- INSTRUCTIONS FOR THE TASK
Pull each line holding "toggleK" out of the entries below.

[Stored items]
(* strikes x_0 = 0 < x_1 < ... < x_J ; calls c j n = price of (X_{t_n}-x_j)^+ *)
Definition market_assumptions (N J : nat) (t : nat -> R) (s0 : R)
    (x : nat -> R) (c : nat -> nat -> R) : Prop :=
  (1 <= N)%nat /\ (1 <= J)%nat /\
  t 0%nat = 0 /\ (forall n, (n < N)%nat -> t n < t (S n)) /\
  0 < s0 /\
  x 0%nat = 0 /\ (forall j, (j < J)%nat -> x j < x (S j)) /\
  (forall n, (1 <= n <= N)%nat ->
     c 0%nat n = s0 /\
     (forall j, (j < J)%nat -> c (S j) n < c j n) /\
     0 < c J n /\
     (s0 - c 1%nat n) / x 1%nat < 1 /\
     (forall j, (1 <= j < J)%nat ->
        (c j n - c (S j) n) / (x (S j) - x j)
          < (c (j - 1)%nat n - c j n) / (x j - x (j - 1)%nat)) /\
     0 < (c (J - 1)%nat n - c J n) / (x J - x (J - 1)%nat)) /\
  (forall j n, (1 <= j <= J)%nat -> (1 <= n <= N - 1)%nat -> c j n < c j (S n)).

Definition payoff_assumptions (N : nat) (t : nat -> R) (a : R -> R -> R)
    (l : nat -> R) : Prop :=
  forall n, (1 <= n <= N)%nat ->
    (forall y, 0 <= y -> 0 <= a y (t n)) /\
    (forall y z lam, 0 <= y -> 0 <= z -> 0 <= lam <= 1 ->
       a (lam * y + (1 - lam) * z) (t n) <= lam * a y (t n) + (1 - lam) * a z (t n)) /\
    (forall eps, 0 < eps -> exists M, forall y, M < y -> Rabs (a y (t n) / y - l n) < eps).

Definition phat (J : nat) (s0 : R) (x : nat -> R) (c : nat -> nat -> R)
    (j n : nat) : R :=
  if Nat.eqb j 0 then 1 - (s0 - c 1%nat n) / x 1%nat
  else if Nat.ltb j J then
    (c (j - 1)%nat n - c j n) / (x j - x (j - 1)%nat)
    - (c j n - c (S j) n) / (x (S j) - x j)
  else if Nat.eqb j J then (c (J - 1)%nat n - c J n) / (x J - x (J - 1)%nat)
  else if Nat.eqb j (S J) then c J n
  else 0.

Record lpvar := LPvar {
  e1 : nat -> nat -> R;
  e2 : nat -> nat -> R;
  v  : nat -> nat -> R;
  d1 : nat -> nat -> R;
  d2 : nat -> nat -> R }.

Definition lp_feasible (N J : nat) (t : nat -> R) (x : nat -> R)
    (a : R -> R -> R) (l : nat -> R) (z : lpvar) : Prop :=
  (forall j, (j <= S J)%nat -> e1 z j N = 0 /\ e2 z j 1%nat = 0) /\
  (forall j n, (j <= S J)%nat -> (1 <= n <= N)%nat -> 0 <= v z j n) /\
  (* (i) *)
  (forall n, (1 <= n <= N)%nat ->
     (forall j, (j <= J)%nat -> a (x j) (t n) <= v z j n) /\ l n <= v z (S J) n) /\
  (* (ii) *)
  (forall n, (1 <= n <= N - 1)%nat ->
     (forall j k, (j <= J)%nat -> (k <= J)%nat ->
        0 <= e1 z j n + e2 z k (S n) + (x k - x j) * d1 z j n) /\
     0 <= e1 z (S J) n - d1 z (S J) n /\
     (forall j, (j <= J)%nat -> 0 <= e2 z (S J) (S n) + d1 z j n) /\
     0 <= e1 z (S J) n + e2 z (S J) (S n)) /\
  (* (iii) *)
  (forall n, (1 <= n <= N - 1)%nat ->
     (forall j k, (j <= J)%nat -> (k <= J)%nat ->
        0 <= e1 z j n + e2 z k (S n) + (x k - x j) * d2 z j n - v z j n + v z k (S n)) /\
     0 <= e1 z (S J) n - d2 z (S J) n - v z (S J) n /\
     (forall j, (j <= J)%nat -> 0 <= e2 z (S J) (S n) + d2 z j n + v z (S J) (S n)) /\
     0 <= e1 z (S J) n + e2 z (S J) (S n) - v z (S J) n + v z (S J) (S n)).

Definition lp_objective (N J : nat) (s0 : R) (x : nat -> R) (c : nat -> nat -> R)
    (z : lpvar) : R :=
  sumR 1 N (fun n => sumR 0 (S J) (fun j =>
     (e1 z j n + e2 z j n) * phat J s0 x c j n))
  + sumR 0 (S J) (fun j => v z j N * phat J s0 x c j N).

Definition seg (x : nat -> R) (h : nat -> R) (j : nat) (y : R) : R :=
  ((x (S j) - y) * h j + (y - x j) * h (S j)) / (x (S j) - x j).

Fixpoint hbar_rec (J : nat) (x : nat -> R) (h : nat -> R) (y : R) (j m : nat) : R :=
  match m with
  | O => h J + (y - x J) * h (S J)
  | S m' => if Rle_dec y (x (S j)) then seg x h j y else hbar_rec J x h y (S j) m'
  end.

(* hbar h y : on [x_j, x_{j+1}] (j < J) linear interpolation,
   for y >= x_J : h_J + (y - x_J) h_{J+1} *)
Definition hbar (J : nat) (x : nat -> R) (h : nat -> R) (y : R) : R :=
  hbar_rec J x h y 0 J.

Definition mix_inner (x : nat -> R) (d u : nat -> R) (j : nat) : R :=
  if Rle_dec (d j) (u j) then d j
  else if Rle_dec (u j) (d (S j)) then d (S j)
  else u j.

Fixpoint mix_rec (x : nat -> R) (d u : nat -> R) (tail : R) (y : R) (j m : nat) : R :=
  if Rle_dec y (x j) then d j
  else match m with
       | O => tail
       | S m' => if Rlt_dec y (x (S j)) then mix_inner x d u j
                 else mix_rec x d u tail y (S j) m'
       end.

Definition mixinterp (J : nat) (x : nat -> R) (d u : nat -> R) (tail y : R) : R :=
  mix_rec x d u tail y 0 J.

Definition u1 (x : nat -> R) (z : lpvar) (n j : nat) : R :=
  (e1 z (S j) n - e1 z j n) / (x (S j) - x j).
Definition u2 (x : nat -> R) (z : lpvar) (n j : nat) : R :=
  ((e1 z (S j) n - v z (S j) n) - (e1 z j n - v z j n)) / (x (S j) - x j).

Definition dtilde1 (J : nat) (x : nat -> R) (z : lpvar) (n : nat) (y : R) : R :=
  mixinterp J x (fun j => d1 z j n) (u1 x z n)
            (Rmin (d1 z J n) (e1 z (S J) n)) y.
Definition dtilde2 (J : nat) (x : nat -> R) (z : lpvar) (n : nat) (y : R) : R :=
  mixinterp J x (fun j => d2 z j n) (u2 x z n)
            (Rmin (d2 z J n) (e1 z (S J) n - v z (S J) n)) y.

(* static part: [bond] units of bond, [calls j n] units of the call with strike x_j
   and maturity t_n (j = 0 is the stock, as c 0 n = s0 and x_0 = 0);
   dynamic part: [delta n X rho] shares held over [t_n, t_{n+1}] (1 <= n <= N-1),
   along the path X (X i = X_{t_i}, 1 <= i <= N) with exercise time t_rho. *)
Record strategy := Strategy {
  bond  : R;
  calls : nat -> nat -> R;
  delta : nat -> (nat -> R) -> nat -> R }.
(* Let $f_j(x,t)$ ($0\le j\le n+1$), $\psi_l(x,t)$, $\varphi_m(x,t)$ ($0\le l,m\le n$) be a compatible local solution of the two autonomous systems of ODEs (in $t$ and in $x$) described in the context, where the functions $a,b,c,d$ appearing in them are given by $$a=\frac{\psi_n}{f_{n+1}},\qquad b=-\frac{\varphi_n}{f_{n+1}},\qquad c=2i\left(\frac{\psi_nf_n}{f^2_{n+1}}-\frac{\psi_{n-1}}{f_{n+1}}\right),\qquad d=2i\left(\frac{\varphi_nf_n}{f^2_{n+1}}-\frac{\varphi_{n-1}}{f_{n+1}}\right).$$ Then the functions $a(x,t)$ and $b(x,t)$ are a local, infinitely differentiable in $x$ and $t$, solution of the nonlinear system $$i\dot a+a''+2a^2b=0,\qquad i\dot b-b''-2b^2a=0,$$ where the dot denotes $\partial/\partial t$ and the prime denotes $\partial/\partial x$.
   Context: Fix $n\in\mathbb{N}$. One seeks polynomial-in-$z$ solutions $f(x,t,z)=\sum_{j=0}^{n+1}f_j(x,t)z^j$, $\psi(x,t,z)=\sum_{j=0}^{n}\psi_j(x,t)z^j$, $\varphi(x,t,z)=\sum_{j=0}^{n}\varphi_j(x,t)z^j$ of the linear systems $\dot f=(d+2izb)\psi-(c-2iza)\varphi$, $\dot\psi=-2(c-2iza)f-2i(2z^2-ab)\psi$, $\dot\varphi=2(d+2izb)f+2i(2z^2-ab)\varphi$, and $f'=ib\psi+ia\varphi$, $\psi'=2iaf-2iz\psi$, $\varphi'=2ibf+2iz\varphi$, with dot $=\partial_t$ and prime $=\partial_x$. In terms of coefficients (with the convention $f_j,\psi_l,\varphi_m=0$ for negative indices and for $j>n+1$, $l,m>n$) these become the $t$-system $\dot f_j=d\psi_j-c\varphi_j+2ib\psi_{j-1}+2ia\varphi_{j-1}$ ($0\le j\le n+1$), $\dot\psi_l=-2cf_l+4iaf_{l-1}+2iab\psi_l-4i\psi_{l-2}$ ($0\le l\le n$), $\dot\varphi_m=2df_m+4ibf_{m-1}-2iab\varphi_m+4i\varphi_{m-2}$ ($0\le m\le n$), and the $x$-system $f_j'=ib\psi_j+ia\varphi_j$ ($0\le j\le n+1$), $\psi_l'=2iaf_l-2i\psi_{l-1}$ ($0\le l\le n$), $\varphi_m'=2ibf_m+2i\varphi_{m-1}$ ($0\le m\le n$). Requiring polynomial solutions forces $a,b,c,d$ to be given by the formulas in the claim; substituting them, both systems become closed autonomous ODE systems in the $N+1=3n+2$ unknowns $(f_0,\dots,f_{n+1},\psi_0,\dots,\psi_n,\varphi_0,\dots,\varphi_n)$ with polynomial right-hand sides. The two systems satisfy the Frobenius compatibility conditions, so they admit a common (compatible) local solution. A consequence of the systems is that $f_{n+1}$ is constant in $x$ and $t$. *)

From Stdlib Require Import Reals List.
From Coquelicot Require Import Coquelicot.
Open Scope R_scope.
Open Scope list_scope.
(* Let $B$ be a connected building set on $[n]$ and write $F(P_B)=\sum_{\alpha\models n}\zeta_\alpha(B)M_\alpha$. Then $$\sum_{\alpha\models n}(-1)^{k(\alpha)}\zeta_\alpha(B)=(-1)^nf_0(P_B),$$ where $f_0(P_B)$ is the number of vertices of $P_B$. Equivalently, if $\chi(P_B,m)=\sum_{\alpha\models n}\zeta_\alpha(B)\binom{m}{k(\alpha)}$ (a polynomial in $m$), then $\chi(P_B,-1)=(-1)^nf_0(P_B)$.
   Context: A building set on a finite set $V$ is a collection $B$ of nonempty subsets of $V$ such that $\{v\}\in B$ for all $v\in V$ and such that $I,J\in B$, $I\cap J\neq\emptyset$ imply $I\cup J\in B$; it is connected if $V\in B$. The nestohedron of $B$ is $P_B=\sum_{I\in B}\mathrm{Conv}\{e_i: i\in I\}\subset\mathbb{R}^V$. For a convex polytope $Q\subset\mathbb{R}^n$, $f:[n]\to\mathbb{N}=\{1,2,\dots\}$ is $Q$-generic if $x\mapsto\sum_i f(i)x_i$ attains its maximum over $Q$ at a unique point, and $F(Q)=\sum_{f\ Q\text{-generic}}x_{f(1)}\cdots x_{f(n)}$. For a composition $\alpha=(a_1,\dots,a_k)\models n$ of length $k(\alpha)=k$, $M_\alpha=\sum_{i_1<\dots<i_k}x_{i_1}^{a_1}\cdots x_{i_k}^{a_k}$. *)

From HB Require Import structures.
From mathcomp Require Import all_boot all_order all_algebra.
From Stdlib Require Import ClassicalEpsilon.
Set Implicit Arguments. Unset Strict Implicit. Unset Printing Implicit Defensive.
Import Order.TTheory GRing.Theory Num.Theory.
Local Open Scope ring_scope.

Definition pb (P : Prop) : bool :=
  if excluded_middle_informative P then true else false.

Definition building_set (n : nat) (B : {set {set 'I_n}}) : Prop :=
  (forall v : 'I_n, [set v] \in B) /\
  (forall I, I \in B -> I != set0) /\
  (forall I J, I \in B -> J \in B -> I :&: J != set0 -> I :|: J \in B).

Definition connected_bs (n : nat) (B : {set {set 'I_n}}) : Prop := [set: 'I_n] \in B.

Section Poly.
Variables (R : realFieldType) (n : nat).
Notation pt := {ffun 'I_n -> R}.

Definition lin (c : 'I_n -> R) (x : pt) : R := \sum_(i < n) c i * x i.

Definition in_conv (T : finType) (A : {set T}) (p : T -> pt) (x : pt) : Prop :=
  exists lam : T -> R, (forall t, t \in A -> 0 <= lam t) /\
    \sum_(t in A) lam t = 1 /\ (forall i, x i = \sum_(t in A) lam t * p t i).

Definition unitv (j : 'I_n) : pt := [ffun k => (k == j)%:R].

Definition simplex (I : {set 'I_n}) (x : pt) : Prop := in_conv I unitv x.

Definition nestohedron (B : {set {set 'I_n}}) (x : pt) : Prop :=
  exists y : {set 'I_n} -> pt, (forall I, I \in B -> simplex I (y I)) /\
    (forall i, x i = \sum_(I in B) y I i).

Definition generic (Q : pt -> Prop) (f : 'I_n -> nat) : Prop :=
  exists x, Q x /\ forall y, Q y -> y <> x ->
    lin (fun i => (f i)%:R) y < lin (fun i => (f i)%:R) x.

Definition is_vertex (Q : pt -> Prop) (x : pt) : Prop :=
  Q x /\ exists c : 'I_n -> R, forall y, Q y -> y <> x -> lin c y < lin c x.
End Poly.

Definition is_comp (n : nat) (s : seq nat) : bool :=
  all (fun a => 0 < a)%N s && (sumn s == n).

Definition comps (n : nat) : seq (seq nat) :=
  [seq s <- flatten [seq [seq map val (tval t) | t <- enum {: k.-tuple 'I_n.+1}]
                   | k <- iota 0 n.+1] | is_comp n s].

(* coefficient of the monomial x_1^{e_0} ... x_N^{e_{N-1}} in M_alpha *)
Definition Mcoef (N : nat) (e : 'I_N -> nat) (a : seq nat) : int :=
  (([seq x <- map e (enum 'I_N) | x != 0%N] == a) : nat)%:Z.

From HB Require Import structures.
From mathcomp Require Import all_boot all_order all_algebra zify.
From Stdlib Require Import ClassicalEpsilon.
Set Implicit Arguments. Unset Strict Implicit. Unset Printing Implicit Defensive.
Import Order.TTheory GRing.Theory Num.Theory.
Local Open Scope ring_scope.

(* A weight c is generic for P_B exactly when it has a strict maximum s(I) on every
   block I of B; it is then maximised at the vertex sum_(I in B) e_(s(I)), so the
   vertices correspond to the selections s induced by generic weights.
   Read on monomials in n+1 variables, the expansion of F(P_B) says that zeta_alpha
   counts the generic g : [n] -> {0..n} with fiber sizes alpha; the alternating sum
   thus counts, with sign (-1)^k, the generic g mapping onto an initial segment
   {0..k-1}.  Grouped by their selection s, these are the maps onto {0..k-1} that
   decrease strictly from s(I) to the other elements of I, and for every s their
   signed count is (-1)^n: the elements sent to k-1 form a nonempty set U of
   maximal elements, and in the resulting recursion the sum of (-1)^|U| over these
   U is -1, by the involution toggling one maximal element. *)

Lemma sum_powerset_sign_eq0 (T : finType) (M : {set T}) (m : T) : m \in M ->
  \sum_(U in powerset M) (-1) ^+ #|U| = 0 :> int.
Proof.
move=> mM; pose toggle (U : {set T}) := if m \in U then U :\ m else m |: U.
have toggleK : involutive toggle.
  by move=> U; rewrite /toggle; case: (boolP (m \in U)) => mU;
    rewrite !inE eqxx /= ?setD1K ?setU1K.
have toggle_sub U : (toggle U \in powerset M) = (U \in powerset M).
  rewrite !inE /toggle; case: (boolP (m \in U)) => mU; last by rewrite subUset sub1set mM.
  apply/idP/idP => [sUM|]; last exact: subset_trans (subD1set _ _).
  by rewrite -(setD1K mU) subUset sub1set mM sUM.
have toggle_sign U : (-1) ^+ #|toggle U| = - (-1) ^+ #|U| :> int.
  rewrite /toggle; case: (boolP (m \in U)) => mU; last by rewrite cardsU1 mU exprS mulN1r.
  by rewrite [in RHS](cardsD1 m U) mU exprS mulN1r opprK.
set S := \sum_(U in _) _; have : S = - S.
  rewrite {2}/S -sumrN /S (reindex_inj (can_inj toggleK)) /=.
  by apply: eq_big => U; rewrite ?toggle_sub // => _; rewrite toggle_sign.
by move/eqP; rewrite -addr_eq0 -mulr2n mulrn_eq0 => /eqP.
Qed.
(* Let $1<\alpha<2$ and let $N\ge 3$ be an integer. Define, for $1\le i\le N-1$, $$\widetilde b_{i,i}=2\big[(i+1)^{3-\alpha}-2(3-\alpha)i^{2-\alpha}-(i-1)^{3-\alpha}\big]+2\big[(N-i+1)^{3-\alpha}-2(3-\alpha)(N-i)^{2-\alpha}-(N-i-1)^{3-\alpha}\big],$$ and for $1\le i\le N-2$, $$\widetilde b_{i,i+1}=-2\big[(i+1)^{3-\alpha}-i^{3-\alpha}\big]+(3-\alpha)\big[(i+1)^{2-\alpha}+i^{2-\alpha}\big]-2\big[(N-i)^{3-\alpha}-(N-i-1)^{3-\alpha}\big]+(3-\alpha)\big[(N-i)^{2-\alpha}+(N-i-1)^{2-\alpha}\big].$$ Let $B_h=(b_{i,j})_{i,j=1}^{N-1}$ be the symmetric matrix with $b_{i,i}=8-2^{4-\alpha}+\widetilde b_{i,i}$ ($1\le i\le N-1$), $b_{i,i+1}=b_{i+1,i}=-7-3^{3-\alpha}+2^{5-\alpha}+\widetilde b_{i,i+1}$ ($1\le i\le N-2$), and, for $m=|j-i|\ge 2$, $$b_{i,j}=-(m+2)^{3-\alpha}+4(m+1)^{3-\alpha}-6m^{3-\alpha}+4(m-1)^{3-\alpha}-(m-2)^{3-\alpha}.$$ Then: (1) $b_{i,j}<0$ for all $j\neq i$, $\widetilde b_{i,i+1}<0$ for $1\le i\le N-2$, and $\widetilde b_{i,i}<0$ for $1\le i\le N-1$; (2) for every $1\le i\le N-1$, $\sum_{j=1}^{N-1}b_{i,j}>0$ and $b_{i,i}>\sum_{j\neq i}|b_{i,j}|>0$.
   Context: Here $0^{p}=0$ for $p>0$. The matrix $B_h$ is (up to the positive factor $\kappa_\alpha/(h^{\alpha-1}\Gamma(4-\alpha))$, $\kappa_\alpha=-1/(2\cos(\alpha\pi/2))$, $h=b/N$) the stiffness matrix of the piecewise linear finite element discretization on the uniform mesh $x_i=ih$ of $(0,b)$ of the one-dimensional fractional Laplacian $C_\alpha\int_{0}^{b}\frac{u(x)-u(y)}{|x-y|^{1+\alpha}}dy$ with zero exterior condition. *)

(* R : realType, real powers via powR (a `^ x),
   which satisfies 0 `^ p = 0 for p <> 0, matching the paper's 0^p = 0. *)
From mathcomp Require Import all_boot all_order all_algebra.
From mathcomp Require Import all_classical all_reals all_analysis.
Set Implicit Arguments. Unset Strict Implicit. Unset Printing Implicit Defensive.
Import Order.TTheory GRing.Theory Num.Theory.
Local Open Scope ring_scope.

- YOUR SOLUTION
have toggleK : involutive toggle.
  rewrite {2}/S -sumrN /S (reindex_inj (can_inj toggleK)) /=.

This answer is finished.